1 Introduction

The major sources of heavy metals in the environment are metal mining and smelting activities. These activities can result in considerable soil contamination (Fanfani et al. 1997; Sutherland and Tack 2000). Soils containing metals and other contaminants pose a particular hazard to children because of activities that involve frequent hand-to-mouth behavior and the subsequent ingestion of the soil (Hamel et al. 1998; Schroder et al. 2003). The daily amount of soil ingested has been estimated to be in the range of 50–200 mg day−1 (Van Wijnen et al. 1990). When assessing risks for children who are not expected to exhibit soil-pica or geophagy behavior, the recommended central tendency soil + dust ingestion estimate is 100 mg/day for children aged 1 to <6 years by the US EPA (2008). Deliberate ingestion of large amounts of non-nutritive substances is termed pica and is classified as an eating disorder when the ingestion continues for a period of at least 1 month and the person is above 2 years of age. Pica behavior includes the ingestion of several non-food materials and when soil is ingested in a pica manner this is termed geophagy. As stated above, ingestion of non-nutritive substances via hand-to-mouth transfer is common in children between 18 months to 2 years and pica behavior is not considered pathological at that age (Ellis and Schnoes, 2009). When assessing risks for children who may exhibit soil-pica behavior, or a group of children that includes individual children who may exhibit soil-pica behavior, the soil-pica ingestion estimate for children up to age 14 ranges from 400 to 41,000 mg/day (US EPA 2008).

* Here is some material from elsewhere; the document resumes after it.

(* Let $\mathcal U$ be the quiver whose vertices are all finite ultrametric spaces and whose edges from $X=(X,d)$ to $Y=(Y,\rho)$ are all maps $f:X\to Y$ that are either isometries (metric-preserving bijections) or contractions. Then: (i) two finite ultrametric spaces are isotypic in $\mathcal U$ if and only if they are isometric; (ii) a finite ultrametric space is a primitive vertex of $\mathcal U$ if and only if it consists of a single point; (iii) the height in $\mathcal U$ of a finite ultrametric space $(X,d)$ equals the number of non-zero elements of the set $d(X\times X)\subset\mathbb R_+$; (iv) $\mathcal U$ is a phylogenetic quiver; (v) every vertex of $\mathcal U$ is regular.
   Context: A quiver consists of a class of vertices and, for each ordered pair of vertices $(A,B)$, a set of edges $A\to B$ (loops and multiple edges allowed). An evolution of length $m\ge 0$ is a sequence $A_0\leftarrow A_1\leftarrow\cdots\leftarrow A_m$ of vertices together with edges $A_k\to A_{k-1}$ ($1\le k\le m$); $A_0$ is its initial and $A_m$ its terminal vertex. Write $A\le B$ ($A$ is an ancestor of $B$, $B$ a descendant of $A$) if there is an evolution with initial vertex $A$ and terminal vertex $B$; $A,B$ are isotypic ($A\sim B$) if $A\le B$ and $B\le A$. A vertex $A$ is primitive if every ancestor of $A$ is isotypic to $A$. A full evolution for $X$ is an evolution with primitive initial vertex and terminal vertex $X$. The height $h(X)$ is the smallest length of a full evolution for $X$ ($h(X)=\infty$ if none exists). An evolution $\alpha=(A_0\leftarrow\cdots\leftarrow A_m)$ embeds in $\beta=(B_0\leftarrow\cdots\leftarrow B_n)$ if $m\le n$ and there are integers $0\le r_0<r_1<\cdots<r_m\le n$ with $A_k\sim B_{r_k}$ for all $k$. A universal evolution for $X$ is a full evolution for $X$ that embeds in every full evolution for $X$; $X$ is phylogenetic if it has a universal evolution. A quiver is monotonous if $h(A)\ge h(B)$ for every edge $A\to B$; it is small if the isotypy classes of its vertices form a set; it is phylogenetic if it is small, monotonous, and all its vertices are phylogenetic. The clade $\mathcal O_A$ of a vertex $A$ is the quiver formed by all descendants of $A$ and all edges between them. A vertex $A$ is regular if for every $B$ in $\mathcal O_A$ with $h(B)=h(A)$ there is an edge $B\to A$. An ultrametric space is a metric space $(X,d)$ with $X\neq\emptyset$ and $d(x,y)\le\max(d(x,z),d(y,z))$ for all $x,y,z$. For $\varepsilon>0$, a map $f:(X,d)\to(Y,\rho)$ between metric spaces is an $\varepsilon$-contraction if $f(X)=Y$ and $\rho(f(x),f(y))=d(x,y)-\varepsilon$ for all distinct $x,y\in X$; a contraction is an $\varepsilon$-contraction for some $\varepsilon>0$. *)

From Stdlib Require Import Reals List Arith ClassicalEpsilon.
Import ListNotations.
Open Scope R_scope.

Calabrese et al. (1989) presented a study in which one child displayed soil-pica behavior, where the soil intake ranged from 10 to 14 g day−1 during the second week of observation. In the developed world, pica behavior is the most common eating disorder seen in adult individuals with developmental disabilities (Ellis and Schnoes 2009).

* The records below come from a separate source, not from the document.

Lemma is_arc_edP E w :
  reflect (exists v, E = ed v /\ (w = v \/ w = sg v)) (is_arc adj (E, w)).
Proof.
apply: (iffP andP) => /= [[]|[v [-> hw]]].
  rewrite inE => /existsP [x /existsP [y /andP [+ /eqP ->]]].
  rewrite (orient_adj Hsg) => /orP [] /eqP ->.
    by rewrite in_set2 => /orP [] /eqP ->; exists x; auto.
  by rewrite in_set2 => /orP [] /eqP ->; exists y; rewrite /ed setUC; auto.
split; last by rewrite mem_ed; case: hw => ->; rewrite eqxx ?orbT.
rewrite inE; apply/existsP; exists v; apply/existsP; exists (sg v).
by rewrite (orient_adj Hsg) !eqxx.
Qed.

Section CycleThroughOrientedArc.
Variables (m : {set Arc 'I_n}) (t : seq (Node 'I_n)).
Hypotheses (hm : is_matching adj m) (ct : cycle (dedge adj m) t).

Lemma dcycle_step u : inl u \in t -> (ed u, u) \in m ->
  [/\ next t (inl u) = inr (ed u), next t (inr (ed u)) = inl (sg u),
      inl (sg u) \in t & (ed (sg u), sg u) \in m].
Proof.
move=> ut um.
have next_u : next t (inl u) = inr (ed u).
  have [E [-> _ Em]] := dcycle_next_vertex ct ut.
  by have [->] := matching_snd_inj hm Em um erefl.
have edt : inr (ed u) \in t by rewrite -next_u mem_next.
have next_ed : next t (inr (ed u)) = inl (sg u).
  have [w [-> /is_arc_edP [v [/ed_inj <- [] ->]] wm]] := dcycle_next_edge ct edt => //.
  by rewrite um in wm.
have sgt : inl (sg u) \in t by rewrite -next_ed mem_next.
split => //.
have [E [_ /is_arc_edP [v [-> hv]] Em]] := dcycle_next_vertex ct sgt.
case: hv Em => [<- //|/(orient_inj Hsg) <- Em].
have [/eqP] := matching_fst_inj hm Em um erefl.
by rewrite (negbTE (orient_neq Hsg u)).
Qed.

(* By transitivity of sg, the cycle then visits every vertex v, and m
   contains every oriented arc (ed v, v). *)
Lemma dcycle_propagate u : inl u \in t -> (ed u, u) \in m ->
  forall v, inl v \in t /\ (ed v, v) \in m.
Proof.
move=> ut um v; have [k <-] := orient_reach Hsg u v.
elim: k => [//|k [kt km]]; rewrite iterS.
by have [_ _ ? ?] := dcycle_step kt km.
Qed.

(* A matching containing every oriented arc is the oriented matching, since
   a matching has at most one arc per vertex. *)
Lemma oriented_matching_eq : (forall v, (ed v, v) \in m) -> m = oriented_matching.
Proof.
move=> hv; apply/eqP; rewrite eq_sym eqEcard; apply/andP; split.
  by apply/subsetP => a /imsetP [v _ ->]; exact: hv.
rewrite card_imset; last by move=> v w [].
have <- : #|[set a.2 | a in m]| = #|m|.
  by apply: card_in_imset => a b; exact: matching_snd_inj hm.
exact: max_card.
Qed.

Lemma arcs_of_full : uniq t -> (forall v, inl v \in t /\ (ed v, v) \in m) ->
  arcs_of t = [set a | is_arc adj a].
Proof.
move=> ut hv; apply/setP => a; rewrite [RHS]inE.
apply/(mem_arcs_of a ut)/idP => [[x xt]|]; first exact: dcycle_arc ct xt.
case: a => E w /is_arc_edP [v [-> hw]].
have [vt vm] := hv v; have [next_v next_ed _ _] := dcycle_step vt vm.
case: hw => ->; first by exists (inl v); rewrite ?next_v.
by exists (inr (ed v)); rewrite ?next_ed // -next_v mem_next.
Qed.

Lemma dcycle_through_oriented_arc u : uniq t -> inl u \in t -> (ed u, u) \in m ->
  m = oriented_matching /\ arcs_of t = [set a | is_arc adj a].
Proof.
move=> ut u_t um; have hv := dcycle_propagate u_t um.
by split; [apply: oriented_matching_eq => v; case: (hv v) | exact: arcs_of_full].
Qed.

End CycleThroughOrientedArc.

Lemma oriented_matching_is_matching : is_matching adj oriented_matching.
Proof.
apply/andP; split; apply/forall_inP => _ /imsetP [v _ ->].
  by apply/is_arc_edP; exists v; auto.
apply/forall_inP => _ /imsetP [w _ ->]; apply/implyP => vw /=.
have {}vw : v != w by apply: contra vw => /eqP ->.
by rewrite (inj_eq ed_inj) vw.
Qed.

Lemma card_oriented_matching : #|oriented_matching| = n.
Proof. by rewrite card_imset ?card_ord // => v w []. Qed.

Lemma reversed_arc_notin v : (ed v, sg v) \notin oriented_matching.
Proof.
apply/imsetP => -[w _ [/ed_inj <- /eqP]].
by rewrite (negbTE (orient_neq Hsg v)).
Qed.

(* The successor map of the 2n-cycle v -> ed v -> sg v -> ... supported by
   the oriented matching. *)
Definition cycle_succ (x : Node 'I_n) : Node 'I_n :=
  match x with
  | inl v => inr (ed v)
  | inr E => if [pick v | E == ed v] is Some v then inl (sg v) else inr E
  end.

Lemma cycle_succ_ed v : cycle_succ (inr (ed v)) = inl (sg v).
Proof.
rewrite /=; case: pickP => [w /eqP /ed_inj -> //|no_v].
by move: (no_v v); rewrite eqxx.
Qed.

Lemma cycle_succ_inj : injective cycle_succ.
Proof.
case=> [v|E] [w|E'] /=.
- by move=> [/ed_inj ->].
- by case: pickP => [//|no_v] [vE]; move: (no_v v); rewrite -vE eqxx.
- by case: pickP => [//|no_w] [wE]; move: (no_w w); rewrite wE eqxx.
- case: pickP => [x /eqP ->|_]; case: pickP => [y /eqP ->|_] //.
  by move=> [/(orient_inj Hsg) ->].
Qed.

(* The oriented matching supports a directed cycle: the orbit of any vertex
   node under cycle_succ. *)
Lemma oriented_matching_dcycle (v0 : 'I_n) :
  exists S, is_dcycle adj oriented_matching S.
Proof.
pose t := orbit cycle_succ (inl v0).
have edge_nodes x : x \in t -> if x is inr E then exists v, E = ed v else True.
  rewrite -fconnect_orbit => /iter_findex <-.
  elim: (findex _ _ _) => [//|k IH]; rewrite iterS.
  case: (iter k cycle_succ (inl v0)) IH => [v _|E [v ->]]; first by exists v.
  by rewrite cycle_succ_ed.
have ct : cycle (dedge adj oriented_matching) t.
  apply: (cycle_from_next (orbit_uniq _ _)) => x xt.
  have /eqP <- := next_cycle (cycle_orbit cycle_succ_inj (inl v0)) xt.
  have := edge_nodes x xt; case: x {xt} => [v _|_ [v ->]].
    rewrite /=; apply/andP; split; last by apply/imsetP; exists v.
    by apply/is_arc_edP; exists v; auto.
  rewrite cycle_succ_ed /= reversed_arc_notin andbT.
  by apply/is_arc_edP; exists v; auto.
exists (arcs_of t); apply/is_dcycleP; exists t; split => //; first exact: orbit_uniq.
by apply/eqP => t0; move: (in_orbit cycle_succ (inl v0)); rewrite -/t t0.
Qed.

Unfortunately, children have the ability to absorb higher proportions of metals through the digestive tract than adults. Once they have entered the systemic circulation system, the potentially toxic analytes may make the children subject to greater adverse health effects (Miller et al. 1981; Calabrese and Stanek 1995).

Bioavailability is the amount of a contaminant that is absorbed into the blood stream and redistributed around the body (Ruby et al. 1999). It can only be determined with costly and ethically controversial animal testing. Therefore, the concept of bio-accessibility, i.e., the amount of a contaminant that is liberated into an aqueous form within the gastro-intestinal tract and is thus available for uptake in the bloodstream, has been introduced (Ruby et al. 1999). Bio-accessibility tests are used as an approximation for bioavailability and take the form of in vitro gastro-intestinal simulations, involving temperature, agitation, pH, and enzyme/chemical conditions that are similar to those found in the human body during digestion (Ruby et al. 1993; Ruby et al. 1996; Rodriguez et al. 1999; Oomen et al. 2002). Several in vitro approaches have been developed which have attempted to mimic the effects of the human digestion process. They are commonly described in the scientific literature under the specific name of the physiologically based extraction test (PBET) or more generally, a simulated in vitro gastro-intestinal extraction procedure. All of the PBET models involve simulated gastric extraction with pepsin and with a mixture of pancreatin, amylase, and bile salts in the intestinal stage. Researchers have shown that the results from the in vitro studies can be correlated to bioavailability determined by in vivo studies (Ruby et al. 1996). The approaches can be simple, relatively rapid, and low in cost and may provide insights not achievable in whole animal studies (Miller et al. 1981). Although the small intestine is the main site within the gastro-intestinal tract where food products including fats, carbohydrates, proteins, calcium, iron, vitamins, water, and electrolytes are adsorbed; the hydrochloric acid environment of the stomach is important since it will allow dissolution of labile mineral oxides, sulfides, and carbonates, thereby aiding dissolution of the foodstuffs (Dean 2007). The PBET protocol followed in this work utilizes both the stomach phase dissolution/digestion and the comparatively less aggressive conditions found in the intestines to mimic the gastro-intestinal tract as a whole.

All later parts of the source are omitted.